**WHAT YOU NEED TO DO**
Two lines in the listing below mark the span: one contains "rewrite <- Hu, comp_assoc." and one contains "intros Hr Hk Hm.". Reproduce both of them and everything between, exactly.

**DATA TO USE**

Lemma equalizer_exists {A T : C} (u v : Hom A T) : exists (E : C) (e : Hom E A), is_equalizer e u v.
Proof.
  destruct (has_binary_products_of_pullbacks T T) as [P [p1 [p2 Hp]]].
  destruct (product_pairing Hp (idm T) (idm T)) as [d [Hd1 Hd2]].
  destruct (product_pairing Hp u v) as [uv [Huv1 Huv2]].
  destruct (HPb uv d) as [E [e [t [Hc Hpb]]]].
  assert (Hu : u ∘ e = t). { rewrite <- Huv1, <- comp_assoc, Hc, comp_assoc, Hd1. apply comp_id_l. }
  assert (Hv : v ∘ e = t). { rewrite <- Huv2, <- comp_assoc, Hc, comp_assoc, Hd2. apply comp_id_l. }
  exists E, e. split; [congruence |].
  intros W h Hh. destruct (Hpb W h (u ∘ h)) as [w [[Hw _] Huniq]].
  { apply (product_hom_ext Hp); rewrite !comp_assoc.
    - rewrite Huv1, Hd1, comp_id_l. reflexivity.
    - rewrite Huv2, Hd2, comp_id_l. exact (eq_sym Hh). }
  exists w. split; [exact Hw |].
  intros w' Hw'. apply Huniq. rewrite <- Hw', <- Hu, comp_assoc. split; reflexivity.
Qed.

Lemma split_extension_jointly_epic {K A B : C} (k : Hom K A) (p : Hom A B) (s : Hom B A) :
  is_kernel k p -> p ∘ s = idm B -> jointly_epic k s.
Proof.
  intros Hk Hps T u v Huk Hus.
  destruct (equalizer_exists u v) as [E [e [Hue Heq]]].
  destruct (Heq K k Huk) as [k' [Hk' _]]. destruct (Heq B s Hus) as [s' [Hs' _]].
  assert (He : is_mono e).
  { intros W a b Hab. destruct (Heq W (e ∘ b)) as [w [_ Hw]].
    { rewrite !comp_assoc, Hue. reflexivity. }
    rewrite (Hw a Hab), (Hw b eq_refl). reflexivity. }
  destruct (HJ Hk Hps He Hk' Hs') as [i [_ Hi]].
  rewrite <- (comp_id_r u), <- (comp_id_r v), <- Hi, !comp_assoc, Hue. reflexivity.
Qed.

Lemma kernel_pair_coequalized {R X Y T : C} (d0 d1 : Hom R X) (h : Hom X Y) (t : Hom X T) :
  is_pullback d0 d1 h h ->
  (forall (Z : C) (z : Hom Z X), is_zero_morphism (h ∘ z) -> is_zero_morphism (t ∘ z)) ->
  t ∘ d0 = t ∘ d1.
Proof.
  intros [Hc Hpb] Ht.
  destruct (Hpb X (idm X) (idm X) eq_refl) as [dg [[Hdg0 Hdg1] _]].
  destruct (has_kernels_of_pullbacks d0) as [K [k Hk]].
  apply (split_extension_jointly_epic Hk Hdg0).
  - apply zero_morphism_unique; rewrite <- comp_assoc.
    + apply zero_morphism_comp_l, (proj1 Hk).
    + apply Ht. rewrite comp_assoc, <- Hc, <- comp_assoc. apply zero_morphism_comp_l, (proj1 Hk).
  - rewrite <- !comp_assoc, Hdg0, Hdg1. reflexivity.
Qed.

Lemma mono_of_trivial_kernel {X Y : C} (h : Hom X Y) :
  (forall (T : C) (z : Hom T X), is_zero_morphism (h ∘ z) -> is_zero_morphism z) -> is_mono h.
Proof.
  intros Htriv T x y Hxy.
  destruct (HPb h h) as [R [d0 [d1 Hpb]]].
  assert (Hd : idm X ∘ d0 = idm X ∘ d1).
  { apply (kernel_pair_coequalized Hpb). intros Z z Hz. rewrite comp_id_l. exact (Htriv Z z Hz). }
  rewrite !comp_id_l in Hd.
  destruct (proj2 Hpb T x y Hxy) as [w [[Hw0 Hw1] _]]. rewrite <- Hw0, <- Hw1, Hd. reflexivity.
Qed.

Lemma regular_epi_normal {X Y : C} (e : Hom X Y) : is_regular_epi e -> is_normal_epi e.
Proof.
  intros [W [f [g [Hfg Hcoeq]]]].
  destruct (has_kernels_of_pullbacks e) as [K [k Hk]].
  exists K, k. split; [exact (proj1 Hk) |].
  intros T t Ht. apply Hcoeq.
  destruct (HPb e e) as [R [d0 [d1 Hpb]]].
  assert (Hd : t ∘ d0 = t ∘ d1).
  { apply (kernel_pair_coequalized Hpb). intros Z z Hz.
    destruct (proj2 Hk Z z Hz) as [u [Hu _]].
    rewrite <- Hu, comp_assoc. apply zero_morphism_comp_r, Ht. }
  destruct (proj2 Hpb W f g Hfg) as [w [[Hw0 Hw1] _]].
  rewrite <- Hw0, <- Hw1, !comp_assoc, Hd. reflexivity.
Qed.

Lemma product_projection_cokernel {P X Y : C} {p1 : Hom P X} {p2 : Hom P Y}
    (Hp : is_product p1 p2) (i2 : Hom Y P) :
  is_zero_morphism (p1 ∘ i2) -> p2 ∘ i2 = idm Y -> is_cokernel p1 i2.
Proof.
  intros Hz Hi2. pose proof (product_injection_kernel Hp Hz Hi2) as Hk.
  destruct (zero_morphism_exists HP X Y) as [z Hz0].
  destruct (product_pairing Hp (idm X) z) as [i1 [Hi1 _]].
  split; [exact Hz |].
  intros T g Hg. exists (g ∘ i1). split.
  - apply (split_extension_jointly_epic Hk Hi1); rewrite <- !comp_assoc.
    + apply zero_morphism_unique; [apply zero_morphism_comp_l, zero_morphism_comp_l, Hz | exact Hg].
    + rewrite Hi1, comp_id_r. reflexivity.
  - intros h Hh. rewrite <- Hh, <- comp_assoc, Hi1, comp_id_r. reflexivity.
Qed.

Lemma split_normal_mono_complement_mono {B A X K : C}
    (m : Hom B A) (r : Hom A B) (q : Hom A X) (k : Hom K A) :
  r ∘ m = idm B -> is_kernel k r -> is_kernel m q -> is_mono (q ∘ k).
Proof.
  intros Hr Hk Hm. apply mono_of_trivial_kernel. intros T z Hz.
  destruct (proj2 Hm T (k ∘ z)) as [w [Hw _]]. { rewrite comp_assoc. exact Hz. }
  assert (Hw0 : is_zero_morphism w).
  { rewrite <- (comp_id_l w), <- Hr, <- comp_assoc, Hw, comp_assoc.
    apply zero_morphism_comp_r, (proj1 Hk). }
  apply (zero_morphism_mono_cancel (kernel_mono Hk)). rewrite <- Hw.
  apply zero_morphism_comp_l, Hw0.
Qed.

Lemma cokernel_factors_through_complement {B A X K : C}
    (m : Hom B A) (r : Hom A B) (q : Hom A X) (k : Hom K A) :
  r ∘ m = idm B -> is_kernel k r -> is_zero_morphism (q ∘ m) -> is_mono (q ∘ k) ->
  exists t : Hom A K, (q ∘ k) ∘ t = q.
Proof.
  intros Hr Hk Hqm Hqk.
  destruct (HPb q (q ∘ k)) as [P [p1 [p2 Hpb]]].
  pose proof (pullback_mono Hpb Hqk) as Hp1.
  destruct (proj2 Hpb K k (idm K)) as [k' [[Hk' _] _]]. { rewrite comp_id_r. reflexivity. }
  destruct (zero_morphism_exists HP B K) as [z Hz].
  destruct (proj2 Hpb B m z) as [m' [[Hm' _] _]].
  { apply zero_morphism_unique; [exact Hqm | apply zero_morphism_comp_l, Hz]. }
  (* The subobject [p1] contains both halves of the split extension (k, m), so it is all of A. *)
  destruct (HJ Hk Hr Hp1 Hk' Hm') as [i [_ Hi]].
  exists (p2 ∘ i). rewrite comp_assoc, <- (proj1 Hpb), <- comp_assoc, Hi. apply comp_id_r.
Qed.

Lemma split_normal_mono_cokernel_split {B A X : C} (m : Hom B A) (q : Hom A X) :
  is_split_mono m -> is_normal_mono m -> is_cokernel q m -> is_split_epi q.
Proof.
  intros [r Hr] [Y [f Hf]] Hq.
  destruct (has_kernels_of_pullbacks r) as [K [k Hk]].
  pose proof (split_normal_mono_complement_mono Hr Hk (normal_mono_kernel_of_cokernel Hf Hq))
    as Hqk.
  destruct (cokernel_factors_through_complement Hr Hk (proj1 Hq) Hqk) as [t Ht].
  destruct (proj2 Hq K t) as [h [Hh _]].
  { apply (zero_morphism_mono_cancel Hqk). rewrite comp_assoc, Ht. exact (proj1 Hq). }
  exists (k ∘ h). rewrite comp_assoc.
  apply (cokernel_epi Hq). rewrite <- comp_assoc, Hh, Ht, comp_id_l. reflexivity.
Qed.

End PointedProtomodular.

Lemma regular_epi_of_normal {C : Category} (HP : pointed C) {A X : C} (e : Hom A X) :
  is_normal_epi e -> is_regular_epi e.
Proof.
  intros [Y [f Hf]]. destruct (zero_morphism_exists HP Y A) as [z Hz].
  exists Y, f, z. split.
  - apply zero_morphism_unique; [exact (proj1 Hf) | apply zero_morphism_comp_l, Hz].
  - intros T h Hh. apply (proj2 Hf). rewrite Hh. apply zero_morphism_comp_l, Hz.
Qed.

**TASK SOLUTION**
    rewrite <- Hu, comp_assoc. apply zero_morphism_comp_r, Ht. }
  destruct (proj2 Hpb W f g Hfg) as [w [[Hw0 Hw1] _]].
  rewrite <- Hw0, <- Hw1, !comp_assoc, Hd. reflexivity.
Qed.

Lemma product_projection_cokernel {P X Y : C} {p1 : Hom P X} {p2 : Hom P Y}
    (Hp : is_product p1 p2) (i2 : Hom Y P) :
  is_zero_morphism (p1 ∘ i2) -> p2 ∘ i2 = idm Y -> is_cokernel p1 i2.
Proof.
  intros Hz Hi2. pose proof (product_injection_kernel Hp Hz Hi2) as Hk.
  destruct (zero_morphism_exists HP X Y) as [z Hz0].
  destruct (product_pairing Hp (idm X) z) as [i1 [Hi1 _]].
  split; [exact Hz |].
  intros T g Hg. exists (g ∘ i1). split.
  - apply (split_extension_jointly_epic Hk Hi1); rewrite <- !comp_assoc.
    + apply zero_morphism_unique; [apply zero_morphism_comp_l, zero_morphism_comp_l, Hz | exact Hg].
    + rewrite Hi1, comp_id_r. reflexivity.
  - intros h Hh. rewrite <- Hh, <- comp_assoc, Hi1, comp_id_r. reflexivity.
Qed.

Lemma split_normal_mono_complement_mono {B A X K : C}
    (m : Hom B A) (r : Hom A B) (q : Hom A X) (k : Hom K A) :
  r ∘ m = idm B -> is_kernel k r -> is_kernel m q -> is_mono (q ∘ k).
Proof.
  intros Hr Hk Hm. apply mono_of_trivial_kernel. intros T z Hz.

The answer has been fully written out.